The relationships between Orsai’s narrative components can be complementary, episodic and reiterative depending on where we read them. Turning points in the narrative of

Orsai have also been crucial moments of the project’s media developments: the magazine, the iPad application, as well as new forms of distribution, etc. As a consequence, key episodes for the project have been the passage from blog to print

magazine, from print magazine to e-magazine, opening OrsaiBar, the embargo suffered in Argentina late in 2012, and finally the transition from blog-magazine to publishing house. These episodes do not just deal with media changes in the project; they also stage it by appearing in interconnected fragments in those very media. The ways in which readers have been able to buy a print magazine or partake in other aspects of the project have filled both page and screen.

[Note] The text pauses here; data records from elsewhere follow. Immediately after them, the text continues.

(* Let $p\ge3$ and consider the dynamic panel logit AR($p$) model with $T=4$: binary outcomes $Y_{1-p},\dots,Y_0,Y_1,\dots,Y_4\in\{0,1\}$, regressors $X=(X_1,\dots,X_4)\in\mathbb{R}^{K\times4}$, fixed effect $A\in\mathbb{R}$, with, for $t\in\{1,\dots,4\}$, $$\Pr(Y_t=1\mid Y_{1-p},\dots,Y_{t-1},X,A)=\frac{\exp(X_t'\beta_0+\sum_{\ell=1}^pY_{t-\ell}\gamma_{0,\ell}+A)}{1+\exp(X_t'\beta_0+\sum_{\ell=1}^pY_{t-\ell}\gamma_{0,\ell}+A)}$$ and true parameters $\beta_0\in\mathbb{R}^K$, $\gamma_0\in\mathbb{R}^p$. Let $Y^{(0)}=(Y_{1-p},\dots,Y_0)$, $0_p$ the $p$-vector of zeros, $x_{ts}=x_t-x_s$, and for $y=(y_1,\dots,y_4)\in\{0,1\}^4$, $x=(x_1,x_2,x_3,x_3)$, $\beta\in\mathbb{R}^K$, $\gamma\in\mathbb{R}^p$ define $$m^{(a)}=\begin{cases}e^{x_{23}'\beta}&y=(0,0,1,0),\\ e^{x_{23}'\beta-\gamma_1}&y=(0,0,1,1),\\ -1&(y_1,y_2,y_3)=(0,1,0),\\0&\text{otherwise},\end{cases}\qquad m^{(b)}=\begin{cases}e^{x_{12}'\beta}&(y_1,y_2,y_3)=(0,1,0),\\ e^{x_{12}'\beta}[1+e^{x_{23}'\beta-\gamma_1}-e^{\gamma_2}]&y=(0,1,1,0),\\ e^{x_{13}'\beta-\gamma_1-\gamma_2}&y=(0,1,1,1),\\ -1&(y_1,y_2)=(1,0),\\ e^{x_{32}'\beta+\gamma_2}-1&(y_1,y_2,y_3)=(1,1,0),\\0&\text{otherwise},\end{cases}$$ $$m^{(c)}=\begin{cases}-e^{\gamma_1}&y=(0,0,1,0),\\ -1&y=(0,0,1,1),\\ e^{x_{32}'\beta}[e^{\gamma_1}-e^{\gamma_2}]&y=(0,1,0,0),\\ e^{\gamma_1-\gamma_2}-1&y=(0,1,0,1),\\ -1&(y_1,y_2,y_3)=(0,1,1),\\ e^{x_{31}'\beta+\gamma_2}&(y_1,y_2,y_3)=(1,0,0),\\ e^{x_{21}'\beta+\gamma_1}&(y_1,y_2,y_3)=(1,0,1),\\0&\text{otherwise}.\end{cases}$$ Then for all $(x_1,x_2,x_3)\in\mathbb{R}^{K\times3}$, $\alpha\in\mathbb{R}$ and $\xi\in\{a,b,c\}$, $$\mathbb{E}\big[m^{(\xi)}(Y,X,\beta_0,\gamma_0)\mid Y^{(0)}=0_p,X=(x_1,x_2,x_3,x_3),A=\alpha\big]=0,$$ where $Y=(Y_1,\dots,Y_4)$.
   Context: The joint distribution of $(Y^{(0)},X,A)$ is unrestricted; only the conditional law of $(Y_1,\dots,Y_4)$ given $(Y^{(0)},X,A)$ is specified by the model. The paper defines $m^{(a)}$ as $\mathbb{1}(y_1=0)$ times the $T=3$ moment function for initial condition $0_p$ applied to $(y_2,y_3,y_4)$ and regressors $(x_2,x_3,x_3)$, and $m^{(b)}$ as the AR(2), $T=4$ moment function $m^{(d)}_{(0,0)}$ evaluated at $x=(x_1,x_2,x_3,x_3)$ and $(\gamma_1,\gamma_2)$; the displayed formulas are these functions written out explicitly (with $x_4=x_3$ substituted). *)

From HB Require Import structures.
From mathcomp Require Import all_boot all_order all_algebra.
From mathcomp Require Import reals sequences exp.
Set Implicit Arguments. Unset Strict Implicit. Unset Printing Implicit Defensive.
Import Order.TTheory GRing.Theory Num.Theory.
Local Open Scope ring_scope.

Section Model.
Variable R : realType.

Definition Lambda (u : R) : R := expR u / (1 + expR u).

(* Outcomes Y_1..Y_4 are stored in y : {ffun 'I_4 -> bool}; Y y t = Y_t (t = 1..4). *)
Definition Y (y : {ffun 'I_4 -> bool}) (t : nat) : bool := y (inord t.-1).

(* Initial condition: y0 j = Y_{-j}, j = 0..p-1 (i.e. Y_0, Y_{-1}, ..., Y_{1-p}).
   lag y0 y t l = Y_{t-l}. *)
Definition lag (y0 : nat -> bool) (y : {ffun 'I_4 -> bool}) (t l : nat) : bool :=
  if (l < t)%N then Y y (t - l) else y0 (l - t)%N.

(* inner product x_t' beta; regressors X : nat -> 'I_K -> R, X t = x_t (t = 1..4) *)
Definition xb (K : nat) (X : nat -> 'I_K -> R) (beta : 'I_K -> R) (t : nat) : R :=
  \sum_(k < K) X t k * beta k.

(* gamma : nat -> R, gamma l = gamma_l for l = 1..p (other values unused) *)
Definition lindex (K p : nat) (X : nat -> 'I_K -> R) (beta : 'I_K -> R)
  (gamma : nat -> R) (y0 : nat -> bool) (alpha : R) (y : {ffun 'I_4 -> bool}) (t : nat) : R :=
  xb X beta t + \sum_(1 <= l < p.+1) (lag y0 y t l)%:R * gamma l + alpha.

Definition prob (K p : nat) (X : nat -> 'I_K -> R) (beta : 'I_K -> R)
  (gamma : nat -> R) (y0 : nat -> bool) (alpha : R) (y : {ffun 'I_4 -> bool}) : R :=
  \prod_(i < 4)
    (let u := Lambda (lindex p X beta gamma y0 alpha y i.+1) in
     if y i then u else 1 - u).

Definition condE (K p : nat) (X : nat -> 'I_K -> R) (beta : 'I_K -> R)
  (gamma : nat -> R) (y0 : nat -> bool) (alpha : R)
  (m : {ffun 'I_4 -> bool} -> R) : R :=
  \sum_(y : {ffun 'I_4 -> bool}) prob p X beta gamma y0 alpha y * m y.

Definition xfull (K : nat) (x : nat -> 'I_K -> R) : nat -> 'I_K -> R :=
  fun t => if t == 4%N then x 3%N else x t.

Definition xd (K : nat) (x : nat -> 'I_K -> R) (beta : 'I_K -> R) (t s : nat) : R :=
  \sum_(k < K) (x t k - x s k) * beta k.

Definition m_a (K : nat) (x : nat -> 'I_K -> R) (beta : 'I_K -> R) (gamma : nat -> R)
  (y : {ffun 'I_4 -> bool}) : R :=
  match Y y 1, Y y 2, Y y 3, Y y 4 with
  | false, false, true, false => expR (xd x beta 2 3)
  | false, false, true, true => expR (xd x beta 2 3 - gamma 1%N)
  | false, true, false, _ => -1
  | _, _, _, _ => 0
  end.

Definition m_b (K : nat) (x : nat -> 'I_K -> R) (beta : 'I_K -> R) (gamma : nat -> R)
  (y : {ffun 'I_4 -> bool}) : R :=
  match Y y 1, Y y 2, Y y 3, Y y 4 with
  | false, true, false, _ => expR (xd x beta 1 2)
  | false, true, true, false =>
      expR (xd x beta 1 2) * (1 + expR (xd x beta 2 3 - gamma 1%N) - expR (gamma 2%N))
  | false, true, true, true => expR (xd x beta 1 3 - gamma 1%N - gamma 2%N)
  | true, false, _, _ => -1
  | true, true, false, _ => expR (xd x beta 3 2 + gamma 2%N) - 1
  | _, _, _, _ => 0
  end.

Definition m_c (K : nat) (x : nat -> 'I_K -> R) (beta : 'I_K -> R) (gamma : nat -> R)
  (y : {ffun 'I_4 -> bool}) : R :=
  match Y y 1, Y y 2, Y y 3, Y y 4 with
  | false, false, true, false => - expR (gamma 1%N)
  | false, false, true, true => -1
  | false, true, false, false => expR (xd x beta 3 2) * (expR (gamma 1%N) - expR (gamma 2%N))
  | false, true, false, true => expR (gamma 1%N - gamma 2%N) - 1
  | false, true, true, _ => -1
  | true, false, false, _ => expR (xd x beta 3 1 + gamma 2%N)
  | true, false, true, _ => expR (xd x beta 2 1 + gamma 1%N)
  | _, _, _, _ => 0
  end.

End Model.

Inductive xi_t := Xa | Xb | Xc.

Definition m_xi (R : realType) (xi : xi_t) :=
  match xi with Xa => @m_a R | Xb => @m_b R | Xc => @m_c R end.

(* With the zero initial condition and p >= 3, only gamma_1, gamma_2, gamma_3 enter the
   first four periods, and the conditional law of (Y_1, ..., Y_4) is a product of logistic
   factors e^(u_t y_t) / (1 + e^(u_t)).  Each conditional moment is thus a sum over the 16
   outcome paths of a rational function of the positive numbers e^(x_t' beta_0),
   e^(gamma_l) and e^alpha; since x_4 = x_3, clearing the denominators 1 + e^(u_t) shows
   that each sum vanishes identically. *)

From HB Require Import structures.
From mathcomp Require Import all_boot all_order all_algebra.
From mathcomp Require Import reals sequences exp.
From mathcomp Require Import ring.
Set Implicit Arguments. Unset Strict Implicit. Unset Printing Implicit Defensive.
Import Order.TTheory GRing.Theory Num.Theory.
Local Open Scope ring_scope.

Definition outcome (b1 b2 b3 b4 : bool) : {ffun 'I_4 -> bool} :=
  [ffun i : 'I_4 => nth false [:: b1; b2; b3; b4] i].

Lemma Y_outcome b1 b2 b3 b4 t : (t <= 4)%N ->
  Y (outcome b1 b2 b3 b4) t = nth false [:: b1; b2; b3; b4] t.-1.
Proof. by move=> t_le4; rewrite /Y ffunE inordK //; case: t t_le4. Qed.

Lemma sum_outcomes (V : nmodType) (F : {ffun 'I_4 -> bool} -> V) :
  \sum_y F y = \sum_b1 \sum_b2 \sum_b3 \sum_b4 F (outcome b1 b2 b3 b4).
Proof.
rewrite !pair_bigA /=.
pose h (b : bool * bool * bool * bool) := outcome b.1.1.1 b.1.1.2 b.1.2 b.2.
pose unh (y : {ffun 'I_4 -> bool}) := (y (inord 0), y (inord 1), y (inord 2), y (inord 3)).
rewrite (reindex h) //; exists unh => [[[[b1 b2] b3] b4] _ | y _].
  by rewrite /unh /h !ffunE !inordK.
apply/ffunP => -[[|[|[|[|i]]]] lti] //; rewrite ffunE /=; congr (y _); exact/val_inj/inordK.
Qed.

Section LogitModel.
Variable R : realType.

Lemma lindex_zero_init K p X (beta : 'I_K -> R) gamma alpha y t : (t <= p.+1)%N ->
  lindex p X beta gamma (fun=> false) alpha y t =
  xb X beta t + \sum_(1 <= l < t) (Y y (t - l))%:R * gamma l + alpha.
Proof.
case: t => [_|t t_le]; rewrite /lindex.
  by rewrite [in RHS]big_geq // big1 // => l _; rewrite /lag mul0r.
rewrite (big_cat_nat _ (n := t.+1)) //= [\sum_(t.+1 <= l < p.+1) _]big1_seq ?addr0 => [|l].
  by congr (_ + _ + _); apply: eq_big_nat => l /andP[_ lt_lt]; rewrite /lag lt_lt.
rewrite mem_index_iota /lag => /andP[_ /andP[le_tl _]].
by rewrite ltnNge le_tl mul0r.
Qed.

Definition bernoulli_pmf (b : bool) (q : R) : R := if b then q else 1 - q.

Lemma bernoulli_pmf_Lambda b u :
  bernoulli_pmf b (Lambda u) = (if b then expR u else 1) / (1 + expR u).
Proof.
have den_neq0 : 1 + expR u != 0 by rewrite lt0r_neq0 // addr_gt0 ?expR_gt0.
by case: b; rewrite /bernoulli_pmf /Lambda //; field.
Qed.

Lemma prob_zero_init K p (p_ge3 : (3 <= p)%N) X (beta : 'I_K -> R) gamma alpha y :
  prob p X beta gamma (fun=> false) alpha y =
  bernoulli_pmf (Y y 1) (Lambda (xb X beta 1 + alpha)) *
  bernoulli_pmf (Y y 2) (Lambda (xb X beta 2 + (Y y 1)%:R * gamma 1%N + alpha)) *
  bernoulli_pmf (Y y 3) (Lambda (xb X beta 3 + (Y y 2)%:R * gamma 1%N
    + (Y y 1)%:R * gamma 2%N + alpha)) *
  bernoulli_pmf (Y y 4) (Lambda (xb X beta 4 + (Y y 3)%:R * gamma 1%N
    + (Y y 2)%:R * gamma 2%N + (Y y 1)%:R * gamma 3%N + alpha)).
Proof.
have le_p1 t : (t <= 4)%N -> (t <= p.+1)%N by move/leq_trans; apply.
have -> : prob p X beta gamma (fun=> false) alpha y = \prod_(0 <= t < 4)
    bernoulli_pmf (Y y t.+1) (Lambda (lindex p X beta gamma (fun=> false) alpha y t.+1)).
  by rewrite big_mkord; apply: eq_bigr => t _; rewrite /Y inord_val.
rewrite /index_iota /= !big_cons big_nil mulr1 !lindex_zero_init ?le_p1 //.
by rewrite /index_iota /= !big_cons !big_nil !addr0 !mulrA !addrA.
Qed.

Lemma xb_xfull K (x : nat -> 'I_K -> R) beta t :
  xb (xfull x) beta t = xb x beta (if t == 4%N then 3%N else t).
Proof. by rewrite /xb /xfull; case: (t == 4%N). Qed.

Lemma xdE K (x : nat -> 'I_K -> R) beta t s : xd x beta t s = xb x beta t - xb x beta s.
Proof. by rewrite /xd /xb -sumrB; apply: eq_bigr => k _; rewrite mulrBl. Qed.

End LogitModel.

Theorem lemma6 (R : realType) (K p : nat) (hp : (3 <= p)%N)
  (beta0 : 'I_K -> R) (gamma0 : nat -> R)
  (x : nat -> 'I_K -> R) (alpha : R) (xi : xi_t) :
  condE p (xfull x) beta0 gamma0 (fun _ => false) alpha
    (m_xi xi x beta0 gamma0) = 0.
Proof.
rewrite /condE sum_outcomes !big_bool /=.
rewrite !prob_zero_init // !bernoulli_pmf_Lambda !Y_outcome //= !xb_xfull /=.
case: xi; rewrite /= /m_a /m_b /m_c !Y_outcome //= !xdE.
all: rewrite ?mul0r ?mul1r ?mulr0 ?addr0 ?add0r !expRD ?expRN.
all: field; repeat (apply/andP; split); apply: lt0r_neq0.
all: repeat first [apply: addr_gt0 | apply: mulr_gt0 | apply: expR_gt0 | apply: ltr01].
Qed.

Along with the different media used in Orsai, another aspect that has changed as the project has developed is the distribution and sales system. Although smaller changes have been made in-between, sales and distribution strategies have been constant for each year of publication. Just like it happened during late 2010 when the magazine was upstarted and projected to go on during the following year; in late 2011, Orsai was re-launched for 2012. Sales and distribution systems, as it might be expected have not only had an effect on pricing and technical editorial details such as type of paper, number of pages, and number of issues (four during 2011, six during 2012). It has also evidently impacted the kind of content published in the blog and the magazine and some of its literary features. For example, the framing narratives: entrada (appetizer) and sobremesa (a sort of after- meal conversation) which ‘bookend’ each article, interview, review, comic or short story from N1 to N4 were reduced – and were completely removed in N5. A similar

development can be observed regarding the goteos (leaks) published in the blogs and aimed at promoting the content of each new issue. I will come back to this.